What you should do: Starting from the line that contains "From Stdlib Require Import List.", give back every line through the end of the listing exactly as written and no other line.

Recorded information:
(* Let $S=\langle S^G,S^\Delta\rangle$ be a triplestore schema and let $r: A\rightarrow C$ be a rule (both as defined in the context). Then the schemas $\mathtt{score}(S,r)$ and $\mathtt{critical}(S,r)$ are semantically equivalent, i.e. $\mathbb{I}(\mathtt{score}(S,r))=\mathbb{I}(\mathtt{critical}(S,r))$.
   Context: **RDF basics.** $\mathbb{U}$ (URIs), $\mathbb{L}$ (literals) and $\mathbb{V}$ (variables) are pairwise disjoint infinite sets; constants are elements of $\mathbb{U}\cup\mathbb{L}$. - A triple is an element of $\mathbb{U}\times\mathbb{U}\times(\mathbb{U}\cup\mathbb{L})$, and a graph is a finite set of triples. - A triple pattern is an element of $(\mathbb{U}\cup\mathbb{V})\times(\mathbb{U}\cup\mathbb{V})\times(\mathbb{U}\cup\mathbb{L}\cup\mathbb{V})$, and a graph pattern is a finite set of triple patterns. For a triple (pattern) $t$ and $i\in\tau=\{1,2,3\}$, $t[i]$ is its $i$-th element (subject, predicate, object). $vars(P)$ and $const(P)$ denote the variables and constants occurring in $P$. - A mapping is a partial function $m:\mathbb{V}\rightharpoonup\mathbb{U}\cup\mathbb{L}$ with domain $dom(m)$. For a pattern $p$, $m(p)$ replaces each $?v\in dom(m)$ by $m(?v)$ and leaves other variables unchanged. - For a graph pattern $P$ and graph $G$, $[\![P]\!]_G$ is the set of mappings $m$ with $dom(m)=vars(P)$ and $m(P)\subseteq G$. **Rules.** A rule $r:A\rightarrow C$ consists of graph patterns $A$ (antecedent) and $C$ (consequent) with $vars(C)\subseteq vars(A)$, where each variable occurs at most once in $C$. **Schemas.** A triplestore schema is a pair $S=\langle S^G,S^\Delta\rangle$ where: - $S^G$ is a finite set of triple patterns in which each variable occurs at most once (across and within triples); - $S^\Delta\subseteq vars(S^G)$ (the no-literal set) contains every variable occurring in subject or predicate position in $S^G$. A triple pattern $t^S$ models a triple $t$ (w.r.t. $S^\Delta$) if there is a mapping $\mu$ with $\mu(t^S)=t$ that binds no variable of $S^\Delta$ to a literal. The same definition is used when $t$ contains the special URI $\lambda$ below. A graph $I$ is an instance of $S$ if every triple of $I$ is modelled by some $t^S\in S^G$. $\mathbb{I}(S)$ denotes the set of instances of $S$. **Canonical graphs.** Fix a fresh URI $\lambda$ not occurring in $S^G$, $A$ or $C$, and let $K=const(S^G)\cup const(A)\cup\{\lambda\}$. - The sandbox graph $\mathbb{S}(S)$ consists of, for each $t^S\in S^G$, the triple obtained by replacing every variable in $t^S$ by $\lambda$. - The critical instance $\mathbb{C}(S,r)$ is the set of all triples $t$ such that, for some $t^S\in S^G$ and every $i\in\tau$, the following holds. If $t^S[i]$ is a constant, then $t[i]=t^S[i]$. If $t^S[i]$ is a variable, then $t[i]=c$ for some $c\in K$ such that either $c$ is a URI, or ($i=3$ and $t^S[3]\notin S^\Delta$). **Rewriting.** For a triple pattern $t$, its rewritings are the (up to 8) triple patterns $t'$ with $t'[i]\in\{t[i],\lambda\}$ for each $i$. $\mathbb{Q}(A)$ is the set of graph patterns obtained by choosing one rewriting of each $t\in A$. $[\![\mathbb{Q}(A)]\!]_G$ is the set of mappings $m$ with $dom(m)=vars(A)$ such that $m(q)\subseteq G$ for some $q\in\mathbb{Q}(A)$. **Common post-processing.** Given a canonical graph $G$ and a candidate mapping set $M$, define the output schema $S'$ as follows. Initialise $S'^G=S^G$ and $S'^\Delta=S^\Delta$. Then, for each $m\in M$: 1. Let $\Delta^m$ be the set of variables occurring in subject or predicate position in some triple of $A$ or $C$. 2. For each $t_A\in A$, let $R(t_A)$ be the set of ''admissible rewritings'' $t_q$ of $t_A$ with $m(t_q)\in G$. Let $T(t_A)$ be the set of $t^S\in S^G$ that model $m(t_q)$ for some $t_q\in R(t_A)$. - (a) If $t_A[3]$ is a literal $l$, or a variable with $m(t_A[3])=l\in\mathbb{L}$, and no $t^S\in T(t_A)$ has $t^S[3]=l$ or $t^S[3]\in vars(S^G)\setminus S^\Delta$, then discard $m$. - (b) If $t_A[3]$ is a variable with $m(t_A[3])=\lambda$ and no $t^S\in T(t_A)$ has $t^S[3]\in vars(S^G)\setminus S^\Delta$, then add $t_A[3]$ to $\Delta^m$. 3. Discard $m$ if it binds some variable of $\Delta^m$ to a literal. 4. If $m$ is not discarded, let $s^m$ be the substitution that maps each $?v$ with $m(?v)\neq\lambda$ to $m(?v)$, and each $?v$ with $m(?v)=\lambda$ to a fresh variable $?v^*$ (new for each $m$ and not used elsewhere). Add $s^m(C)$ to $S'^G$, and add $s^m(\Delta^m)\cap vars(S'^G)$ to $S'^\Delta$. **The two schemas.** - $\mathtt{score}(S,r)$ is the output $S'$ with $G=\mathbb{S}(S)$, $M=[\![\mathbb{Q}(A)]\!]_{\mathbb{S}(S)}$, and admissible rewritings of $t_A$ being all its rewritings. - $\mathtt{critical}(S,r)$ is the output $S'$ with $G=\mathbb{C}(S,r)$, $M=[\![A]\!]_{\mathbb{C}(S,r)}$, and $t_A$ as the only admissible rewriting of $t_A$. *)

From Stdlib Require Import List.
Import ListNotations.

Solved exercise:
From Stdlib Require Import List.
Import ListNotations.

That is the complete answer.